Language and Prometheus’ Gift

By: Patrik Bye, Nord University

With Frankenweek approaching we can admit another addition to the slowly but steadily growing list of ‘Frankenwords’. Many Frankenwords bear on features of the evolving technological matrix we have created and in which we now increasingly live. In the supermarkets there are now, for example, transgenic Frankenfoods, like Frankenfries, that are made from blight-resistant potatoes. For some, the availability of such foods engender Frankenfears—concerns, irrational or not, that we might have about consuming them. At the cutting edge biochemists like Craig Venter are attempting to engineer working artificial Frankencells using a minimal number of genes. And speaking of genes, we might mention the Frankengene, certain variants of which have been connected to increased fear-related behavior, such as the intense horror experienced by some of us when we watch horror films…

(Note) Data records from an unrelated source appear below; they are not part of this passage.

Lemma mult_aux_nonneg D pre s : (forall pre x, 0 <= D pre x) -> 0 <= mult_aux D pre s.
Proof. intros H. revert pre; induction s; intros; simpl; [lra|]. now apply Rmult_le_pos. Qed.

Lemma mult_aux_le D D' pre s :
  (forall pre x, 0 <= D pre x <= D' pre x) -> mult_aux D pre s <= mult_aux D' pre s.
Proof.
  intros H. revert pre; induction s; intros; simpl; [lra|].
  apply Rmult_le_compat; try apply H; auto. apply mult_aux_nonneg. apply H.
Qed.

Lemma mult_aux_cv (Dn : nat -> sit -> bool -> R) D pre s :
  (forall pre x, Un_cv (fun n => Dn n pre x) (D pre x)) ->
  Un_cv (fun n => mult_aux (Dn n) pre s) (mult_aux D pre s).
Proof.
  intros H. revert pre; induction s; intros; simpl.
  - intros eps Heps. exists 0%nat. intros. unfold R_dist. rewrite Rminus_diag, Rabs_R0. exact Heps.
  - apply CV_mult; auto.
Qed.

Lemma mult_aux_div D D' pre s :
  (forall pre x, D' pre x <> 0) ->
  mult_aux (fun pre x => D pre x / D' pre x) pre s = mult_aux D pre s / mult_aux D' pre s.
Proof.
  intros H. assert (H' : forall pre s, mult_aux D' pre s <> 0).
  { intros p t. revert p; induction t; intros; simpl; [lra|].
    now apply Rmult_integral_contrapositive. }
  revert pre; induction s; intros; simpl; [field|].
  rewrite IHs. field. split; auto.
Qed.

Lemma INR_nat_mult_aux f pre s :
  INR (nat_mult_aux f pre s) = mult_aux (fun pre x => INR (f pre x)) pre s.
Proof. revert pre; induction s; intros; simpl; [reflexivity|]. now rewrite mult_INR, IHs. Qed.

Lemma mult_proc_Rmax0 D s :
  (forall s, 0 <= mult_proc D s) -> mult_aux (fun pre x => Rmax (D pre x) 0) [] s = mult_proc D s.
Proof.
  intros H. induction s as [|x s IH] using rev_ind; [reflexivity|].
  unfold mult_proc in *. rewrite !mult_aux_snoc, IH. simpl.
  specialize (H (s ++ [x])). unfold mult_proc in H. rewrite mult_aux_snoc in H. simpl in H.
  destruct (Rle_lt_or_eq_dec 0 (mult_aux D [] s)) as [Hpos|Hzero].
  - rewrite <- IH. apply mult_aux_nonneg. intros. apply Rmax_r.
  - rewrite Rmax_left; [reflexivity|]. apply (Rmult_le_reg_l _ _ _ Hpos). lra.
  - rewrite <- Hzero. ring.
Qed.

Lemma mult_proc_telescope F s :
  (forall s, 0 < F s) -> mult_proc (fun pre x => F (pre ++ [x]) / F pre) s = F s / F [].
Proof.
  intros HF. unfold mult_proc. induction s as [|x s IH] using rev_ind.
  - simpl. field. apply Rgt_not_eq, HF.
  - rewrite mult_aux_snoc, IH. simpl. field. split; apply Rgt_not_eq, HF.
Qed.
(* (Subject reduction for LPCF.) If $\Gamma;\Delta\vdash e:\tau$ and $e\rightsquigarrow e'$, then $\Gamma;\Delta\vdash e':\tau$.
   Context: LPCF (linear PCF). Types: $\tau ::= \mathsf{Nat}\mid\mathsf{Bool}\mid \tau\,\&\,\tau' \mid \tau\otimes\tau' \mid \tau\multimap\tau' \mid \tau\to\tau'$. Terms: $e ::= x \mid \mathtt{0},\mathtt{1},\mathtt{2},\dots \mid \mathtt{succ}\mid\mathtt{pred}\mid\mathtt{iszero} \mid \lambda x.e \mid e\,e' \mid \mathtt{true}\mid\mathtt{false} \mid \mathtt{if}\ e_1\ \mathtt{then}\ e_2\ \mathtt{else}\ e_3 \mid \langle e_1,e_2\rangle \mid \mathtt{proj}_i(e)\ (i=1,2) \mid \mathtt{fix}_\tau \mid e_1\otimes e_2 \mid \mathtt{let}\ x\otimes y = e\ \mathtt{in}\ e'$. Terms are identified up to renaming of bound variables and $e[e'/x]$ is capture-avoiding substitution. Typing judgements $\Gamma;\Delta\vdash e:\tau$, with $\Gamma$ (non-linear) and $\Delta$ (linear) finite maps from variables to types with disjoint domains ($\Delta,\Delta'$ denotes a disjoint union). Rules: $\Gamma;\emptyset\vdash x:\tau$ if $x:\tau\in\Gamma$; $\Gamma;x:\tau\vdash x:\tau$ if $x\notin\Gamma$; $\Gamma;\emptyset\vdash\mathtt{fix}_\tau:(\tau\to\tau)\to\tau$; $\Gamma;\emptyset\vdash n:\mathsf{Nat}$ for numerals; $\Gamma;\emptyset\vdash\mathtt{succ},\mathtt{pred}:\mathsf{Nat}\multimap\mathsf{Nat}$; $\Gamma;\emptyset\vdash\mathtt{iszero}:\mathsf{Nat}\multimap\mathsf{Bool}$; $\Gamma;\emptyset\vdash\mathtt{true},\mathtt{false}:\mathsf{Bool}$; from $\Gamma;\Delta\vdash e_1:\mathsf{Bool}$, $\Gamma;\Delta'\vdash e_2:\tau$, $\Gamma;\Delta'\vdash e_3:\tau$ infer $\Gamma;\Delta,\Delta'\vdash \mathtt{if}\ e_1\ \mathtt{then}\ e_2\ \mathtt{else}\ e_3:\tau$; from $\Gamma;\Delta\vdash e_i:\tau_i$ ($i=1,2$) infer $\Gamma;\Delta\vdash\langle e_1,e_2\rangle:\tau_1\&\tau_2$; from $\Gamma;\Delta\vdash e:\tau_1\&\tau_2$ infer $\Gamma;\Delta\vdash\mathtt{proj}_i(e):\tau_i$; from $\Gamma;\Delta_i\vdash e_i:\tau_i$ infer $\Gamma;\Delta_1,\Delta_2\vdash e_1\otimes e_2:\tau_1\otimes\tau_2$; from $\Gamma;\Delta,x:\tau_1,y:\tau_2\vdash e:\tau$ and $\Gamma;\Delta'\vdash e':\tau_1\otimes\tau_2$ infer $\Gamma;\Delta,\Delta'\vdash\mathtt{let}\ x\otimes y=e'\ \mathtt{in}\ e:\tau$; from $\Gamma,x:\tau;\Delta\vdash e:\tau'$ infer $\Gamma;\Delta\vdash\lambda x.e:\tau\to\tau'$; from $\Gamma;\Delta\vdash e:\tau'\to\tau$ and $\Gamma;\emptyset\vdash e':\tau'$ infer $\Gamma;\Delta\vdash e\,e':\tau$; from $\Gamma;\Delta,x:\tau\vdash e:\tau'$ infer $\Gamma;\Delta\vdash\lambda x.e:\tau\multimap\tau'$; from $\Gamma;\Delta\vdash e:\tau'\multimap\tau$ and $\Gamma;\Delta'\vdash e':\tau'$ infer $\Gamma;\Delta,\Delta'\vdash e\,e':\tau$. One-step reduction $\rightsquigarrow$: the least relation containing $(\lambda x.e)e'\rightsquigarrow e[e'/x]$; $\mathtt{fix}_\tau\,e\rightsquigarrow e(\mathtt{fix}_\tau\,e)$; $\mathtt{succ}\,n\rightsquigarrow n+1$; $\mathtt{pred}\,0\rightsquigarrow 0$; $\mathtt{pred}\,n\rightsquigarrow n-1$ ($n\ge1$); $\mathtt{iszero}\,0\rightsquigarrow\mathtt{true}$; $\mathtt{iszero}\,n\rightsquigarrow\mathtt{false}$ ($n\ge1$); $\mathtt{if}\ \mathtt{true}\ \mathtt{then}\ e_1\ \mathtt{else}\ e_2\rightsquigarrow e_1$; $\mathtt{if}\ \mathtt{false}\ \mathtt{then}\ e_1\ \mathtt{else}\ e_2\rightsquigarrow e_2$; $\mathtt{proj}_i\langle e_1,e_2\rangle\rightsquigarrow e_i$; $\mathtt{let}\ x\otimes y=e_1\otimes e_2\ \mathtt{in}\ e\rightsquigarrow e[e_1/x,e_2/y]$; and closed under $\mathcal{E}[e_1]\rightsquigarrow\mathcal{E}[e_2]$ when $e_1\rightsquigarrow e_2$, for evaluation contexts $\mathcal{E}::=[\,]\mid\mathtt{succ}(\mathcal{E})\mid\mathtt{pred}(\mathcal{E})\mid\mathtt{iszero}(\mathcal{E})\mid\mathcal{E}\,e\mid\mathtt{if}\ \mathcal{E}\ \mathtt{then}\ e_1\ \mathtt{else}\ e_2\mid\mathtt{proj}_i(\mathcal{E})\mid\mathtt{let}\ x\otimes y=\mathcal{E}\ \mathtt{in}\ e$. *)

(* Terms are represented with de Bruijn indices (terms up to alpha-renaming);
   a typing context is one list assigning to each variable index either
   nothing, a non-linear type (an entry of Gamma) or a linear type (an entry
   of Delta); so Gamma and Delta automatically have disjoint domains. *)
From Stdlib Require Import List Arith.
Import ListNotations.

Inductive ty : Type :=
| TNat : ty
| TBool : ty
| TWith : ty -> ty -> ty
| TTensor : ty -> ty -> ty
| TLolli : ty -> ty -> ty
| TArrow : ty -> ty -> ty.

Inductive tm : Type :=
| Var : nat -> tm
| Num : nat -> tm
| Succ : tm
| Pred : tm
| IsZero : tm
| Lam : tm -> tm
| App : tm -> tm -> tm
| Tru : tm
| Fls : tm
| If : tm -> tm -> tm -> tm
| Pair : tm -> tm -> tm
| Proj1 : tm -> tm
| Proj2 : tm -> tm
| Fix : ty -> tm
| Tens : tm -> tm -> tm
| LetT : tm -> tm -> tm.         (* LetT e' e = let x (x) y = e' in e ;
                                    in e, y is index 0 and x is index 1 *)

Definition scons {A} (a : A) (f : nat -> A) : nat -> A :=
  fun n => match n with 0 => a | S n => f n end.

Frankenwords are a type of portmanteau, a new word created by recombining parts of existing words. Just like Frankenstein’s creature, these parts cannot be combined in a random fashion. In the case of the Frankenwords we’ve just been talking about, Franken– is a prefix that can only attach to bases of a particular sound shape. The base has to be either a word of one syllable, as in Frankenpet (genetically engineered to resist parasitic infection), or Frankenmom (see the definition on Urban Dictionary), or a sequence of two syllables with the stress on the first, like Fránkenfòrest (think pest-resistant trees with genetically enhanced carbon-absorption capacity), Fránkenwèenie (Tim Burton’s reanimated bull terrier in the movie of the same name). Franken– does not combine with words of two or more syllables with the stress on the second, so a *Fránkenpotàto is not a possible Frankenword, but a Frankenspud or a Fránkentàter is. Native speakers of English know this rule without ever having been explicitly taught it. It’s latent in the knowledge of language, or grammar, that English speakers acquire as children.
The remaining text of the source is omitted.